Historical Details

Hat Creek Dateline: 1876/06/18

Courtesy of The Lusk Herald, 12/27/1989

Acting troop visits area
by Ed Cook, Contributing Writer

Jack Langrishe, the well-known actor, his wife and 12 members of their acting troop, have been here for the last day and a half. After successfully opening in Cheyenne's New Dramatic Theater in early June, Langrishe had decided to take his troopers and head for the gulches of gold in the Black Hills. They were being transported in a large passenger wagon on the Cheyenne and Black Hills Stage company, and were following close behind one of the companies "fast freight trains." The train, with C.A. Skinner in charge, had pulled out of Cheyenne early on June 12. They were loaded with grain, flour and vegetables.

Everything along the Black Hills route was in a state of excitement and hustle. The military was busy establishing permanent camps and sending escorts with the "Hillers." Captain Egan and his "Grays" were still patrolling the road from Fort Laramie to Custer.

"Calamity Jane" was said to have received this nickname when she (Martha Jane Canary) rescued Captain Egan after his horse had been shot out from under him. She had been serving as a scout for the forces of Captain Egan when he was commander of the Army Post on Goose Creek.

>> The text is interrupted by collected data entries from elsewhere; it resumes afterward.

(* Let $a,b$ be integers with $b\ge 3$ and $a\ge 3b$. Then in the circulant graph $G_{a,b}$ the vertices $u=1$, $v=\lceil b/2\rceil$ and $w=b$ form an asteroidal triple.
   Context: For integers $a\ge 2b\ge 2$, $G_{a,b}$ is the graph with vertex set $\{0,1,\ldots,a-1\}$ in which distinct $u,v$ are adjacent if and only if $u\in\{v+b,v+b+1,\ldots,v+a-b\}$ with addition modulo $a$. Three vertices $u,v,w$ of a graph $G$ form an asteroidal triple if there exist paths $P_{uv}$ (from $u$ to $v$), $P_{vw}$ and $P_{wu}$ in $G$ such that $N_G(w)\cap V(P_{uv})=\emptyset$, $N_G(u)\cap V(P_{vw})=\emptyset$ and $N_G(v)\cap V(P_{wu})=\emptyset$, where $N_G(x)$ is the neighborhood of $x$. *)

From mathcomp Require Import all_boot.
Set Implicit Arguments. Unset Strict Implicit. Unset Printing Implicit Defensive.

(* The circulant graph G_{a,b}: vertex set {0,...,a-1} (naturals < a);
   distinct u, v adjacent iff u is in {v+b, ..., v+a-b} modulo a,
   i.e. iff (u - v) mod a lies in [b, a-b]. *)
Definition Gab_adj (a b : nat) : rel nat :=
  fun u v => [&& u < a, v < a, u != v & b <= (u + a - v) %% a <= a - b].

(* A path from x to y in the graph with adjacency relation e: a vertex
   sequence x :: p with consecutive vertices adjacent and ending at y.
   Its vertex set is x :: p. *)
Definition is_graph_path (e : rel nat) (x y : nat) (p : seq nat) : Prop :=
  path e x p /\ last x p = y.

Definition nbhd (e : rel nat) (x : nat) : pred nat := fun y => e x y.

Definition asteroidal_triple (V : pred nat) (e : rel nat) (u v w : nat) : Prop :=
  [/\ V u, V v & V w] /\
  exists (puv pvw pwu : seq nat),
    [/\ is_graph_path e u v puv, is_graph_path e v w pvw, is_graph_path e w u pwu,
        ~~ has (nbhd e w) (u :: puv)
      & ~~ has (nbhd e u) (v :: pvw) /\ ~~ has (nbhd e v) (w :: pwu)].

From mathcomp Require Import all_boot.
From mathcomp Require Import zify.

(* Two vertices of G_{a,b} are adjacent iff their cyclic distance is at least b.
   With c = ceil(b/2), so that 2 <= c < b <= 2c, take the paths
   1 -> c+b -> c,   c -> a-b+c -> b   and   b -> 0 -> b+1 -> 1.
   Consecutive vertices are at cyclic distance at least b (a >= 3b), while
   every vertex of each path is at cyclic distance less than b from the third
   vertex of the triple (a-b+c lies b-c+1 <= c below 1, going backwards past 0,
   and b+1 lies b+1-c < b above c since c >= 2). *)

Lemma cyclic_diffE (a x y : nat) : x < a -> y < a ->
  (x + a - y) %% a = if y <= x then x - y else x + a - y.
Proof.
move=> xa ya; case: leqP => yx.
- have -> : x + a - y = (x - y) + a by lia.
  by rewrite modnDr modn_small //; lia.
- by rewrite modn_small //; lia.
Qed.

Lemma Gab_adjE (a b x y : nat) : Gab_adj a b x y =
  [&& x < a, y < a, x != y &
   if y <= x then b <= x - y <= a - b else b <= x + a - y <= a - b].
Proof.
rewrite /Gab_adj; case: (boolP (x < a)) => xa //=; case: (boolP (y < a)) => ya //=.
by rewrite cyclic_diffE //; case: (y <= x).
Qed.

Lemma uphalf_bounds (b : nat) : 3 <= b ->
  [/\ 2 <= uphalf b, uphalf b < b & b <= (uphalf b).*2].
Proof.
rewrite uphalf_half => hb; have := odd_double_half b.
by case: (odd b) => /= ?; split; lia.
Qed.

Theorem mainTheorem6 (a b : nat) (hb : 3 <= b) (hab : 3 * b <= a) :
  asteroidal_triple (fun x => x < a) (Gab_adj a b) 1 (uphalf b) b.
Proof.
have [c_ge2 c_ltb b_le2c] := uphalf_bounds b hb.
set c := uphalf b in c_ge2 c_ltb b_le2c *; clearbody c.
split; first by split; lia.
exists [:: c + b; c], [:: a - b + c; b], [:: 0; b + 1; 1].
rewrite /is_graph_path /nbhd; cbn [path has last].
rewrite !Gab_adjE !andbT !orbF.
by split; do ?split; do ![case: ifP => ?]; lia.
Qed.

There was a skirmish with the Indians during which the commander was shot and severely wounded. It was Calamity Jane who saved him from a worse fate. She rode into the melee where Captain Egan lay unprotected, on the ground with a circle of grinning savages around him, waiting for the sign from their leader to finish the business they had begun. Calamity began action by killing the leader and any others who remained within range of her gun. At the same time she managed to place Captain Egan, weak and helpless, before her on her saddle and horse's neck; and as she had, for a time, subdued the Indians, took her charge in haste to the post. There his life was saved.

When the wounded captain was recovering, he called the scout to thank her.

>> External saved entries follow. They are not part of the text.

(* The transposition principle of modular lattices (if [p `&` y] is covered
   by [p] then [y] is covered by [p `|` y], and dually) drives everything.
   Taking [q] maximal in an interval [[a, b]] with [q `&` y = a], every atom
   of [[a, b]] lies below [q] joined with an atom of [[a, y]].  For [b = a^*]
   this shows that [[a, a^*]] is atomistic; for [[a, b]] atomistic and [y] an
   atom it gives a coatom of [[a, b]] avoiding [y], whence [b^+ <= a].  So
   [[a, b]] is maximal atomistic iff [b = a^*] and [a = b^+]: the skeleton and
   the dual skeleton are the fixed points of the interior operator [x^*+] and
   of the closure operator [a^+*], and [x |-> x^*], [a |-> a^+] are mutually
   inverse monotone maps between them. *)

Section Duality.
Context {disp : Order.disp_t} {T : tbLatticeType disp}.

Lemma covers_dual (x y : T) : @covers _ T^d x y <-> covers y x.
Proof.
by split=> -[lt hc]; split=> // c h1 h2;
  case: (hc c h2 h1) => ->; [right | left | right | left].
Qed.

Lemma modular_dual : @modular_lattice _ T -> @modular_lattice _ T^d.
Proof.
move=> hm a b c ca; have e := hm c b a ca.
change ((a : T) `&` ((b : T) `|` c) = ((a : T) `&` b) `|` (c : T)).
by rewrite (joinC (b : T)) meetC -e joinC meetC.
Qed.
Lemma step_diff_inj {c N v l l'} : convex_on c N \/ convex_on (fun i => - c i) N ->
  (0 < v)%N -> (l + v < N)%N -> (l' + v < N)%N ->
  c (l + v)%N - c l = c (l' + v)%N - c l' -> l = l'.
Proof.
move=> cvx v0; wlog ll' : l l' / (l <= l')%N.
  by move=> H; case: (leqP l l') => [|/ltnW] h lN l'N e; [|symmetry]; apply: H.
move=> lN l'N e; rewrite leq_eqVlt in ll'; case/orP: ll' => [/eqP //|ll']; exfalso.
case: cvx => /step_diff_increasing/(_ v0 ll' l'N); first by rewrite e ltxx.
by lra.
Qed.

End StepDifferences.

Section SortedEnumeration.
Context {R : realType}.
Local Open Scope ring_scope.

Lemma sum_sorted_elems (B : {fset R}) (F : R -> nat) :
  (\sum_(x <- enum_fset B) F x =
   \sum_(j < #|` B|%fset) F (nth 0%R (sorted_elems B) j))%N.
Proof.
rewrite (perm_big (sorted_elems B)); last by rewrite perm_sym perm_sort.
by rewrite (big_nth 0) big_mkord /sorted_elems size_sort.
Qed.

Lemma sorted_elems_increasing (B : {fset R}) (j j' : nat) :
  (j < j')%N -> (j' < #|` B|%fset)%N -> (sorted_elems B)`_j < (sorted_elems B)`_j'.
Proof.
move=> jj' j'B; have sortB : sorted <%R (sorted_elems B).
  by rewrite lt_sorted_uniq_le sort_uniq fset_uniq sort_sorted //; apply: le_total.
apply: (sorted_ltn_nth lt_trans 0 sortB) => //; rewrite inE size_sort //.
exact: ltn_trans j'B.
Qed.
(* Let $A=A_1\cdots A_n$ be a string over $\Sigma$, $\mathcal R\subseteq\Sigma\times\Sigma$, $B\ge1$, and let $G=(V,E)$ be the graph defined below. Then for every $i\in\{1,\dots,n\}$ and every $v\in V$, at least one of $V_{-v}\cap S_i=\emptyset$, $V_{+v}\cap S_i=\emptyset$, or $v\in S_i$ holds. Moreover, for every $v\in V$, the number of indices $i\in\{1,\dots,n\}$ with both $V_{-v}\cap S_i\ne\emptyset$ and $V_{+v}\cap S_i\neq\emptyset$ is at most $6B$.
   Context: An interval is a set of integers $[a,b]=\{a,\dots,b\}$ with $a\le b$, with endpoints $l([a,b])=a$, $r([a,b])=b$. A pseudo-interval is an interval or $\emptyset$. A pseudo-interval $I'$ is strictly inside an interval $I$ if $I'\subseteq I$ and $\{l(I),r(I)\}\cap I'=\emptyset$. A triple $(I,H,L)$ of pseudo-intervals is well-ordered if (a) $I\ne\emptyset$, $l(I)<r(I)$; (b) $H\neq\emptyset$, $l(H)<r(H)$; (c) $H$ and $L$ are strictly inside $I$; (d) $H\cap L=\emptyset$. For well-ordered triples, $(I,H,L)\preceq(I',H',L')$ iff $(I,H,L)=(I',H',L')$, or $I'\subseteq H$, or ($I=I'$, $H=H'$, $L=\emptyset$), or ($I=I'$, $H=H'$, $L\ne\emptyset\ne L'$, $r(L)<l(L')$); write $x\prec y$ if $x\preceq y$ and $x\neq y$. The vertex set $V$ consists of all lists $((I_1,H_1,L_1),\dots,(I_k,H_k,L_k))$ of well-ordered triples with $1\le k\le B$ such that: (i) $I_j\subseteq[0,n+1]$ and $H_j,L_j\subseteq[1,n]$ for all $j$; (ii) $(A_{l(H_j)},A_{r(H_j)})\in\mathcal R$ for all $j$; (iii) $(A_{l(L_j)},A_{r(L_j)})\in\mathcal R$ for all $j$ with $L_j\ne\emptyset$; (iv) $I_{j'}\subseteq L_j$ for all $j<j'$. A list $v=(x_1,\dots,x_k)$ is lexicographically strictly smaller than $v'=(x'_1,\dots,x'_{k'})$ if $v$ is a proper prefix of $v'$, or $x_j\prec x'_j$ for the first index $j$ with $x_j\ne x'_j$. $E=\{(v,v'):v \text{ is lexicographically strictly smaller than } v'\}$. For $v\in V$, $V_{-v}=\{u\in V:(u,v)\in E\}$ and $V_{+v}=\{u\in V:(v,u)\in E\}$. For $i\in\{1,\dots,n\}$, $S_i$ is the set of vertices $((I_1,H_1,L_1),\dots,(I_k,H_k,L_k))\in V$ such that $i$ is an endpoint of at least one of the nonempty pseudo-intervals $I_1,H_1,L_1,\dots,I_k,H_k,L_k$. *)

(* Intervals of integers are represented by pairs
   of naturals: all intervals in the vertex set lie in [0, n+1], so nat suffices. *)
From mathcomp Require Import all_boot.
Set Implicit Arguments. Unset Strict Implicit. Unset Printing Implicit Defensive.

(* A pseudo-interval: [Some (a,b)] is the interval [a,b] (well-formed when a <= b),
   [None] is the empty set. *)
Definition pint := option (nat * nat).

Definition pint_wf (p : pint) : Prop :=
  match p with Some (a, b) => a <= b | None => True end.

Definition pmem (x : nat) (p : pint) : Prop :=
  match p with Some (a, b) => a <= x <= b | None => False end.

Definition psub (p q : pint) : Prop := forall x, pmem x p -> pmem x q.

Definition lft (p : pint) : nat := match p with Some (a, _) => a | None => 0 end.
Definition rgt (p : pint) : nat := match p with Some (_, b) => b | None => 0 end.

"You're a mighty good person to have around in time of calamity," he told her," and so I hereby christen you Calamity Jane, the heroine of the plains."

(Information sources; Cheyenne and Black Hills Stage and Express Route by Agnes Wright Spring; "Calamity Jane Often Traveled Over Cheyenne and Deadwood Stage Line; Notorious Character: - The Lusk Herald, page 7, May 28, 1936 - by John K. Standish.)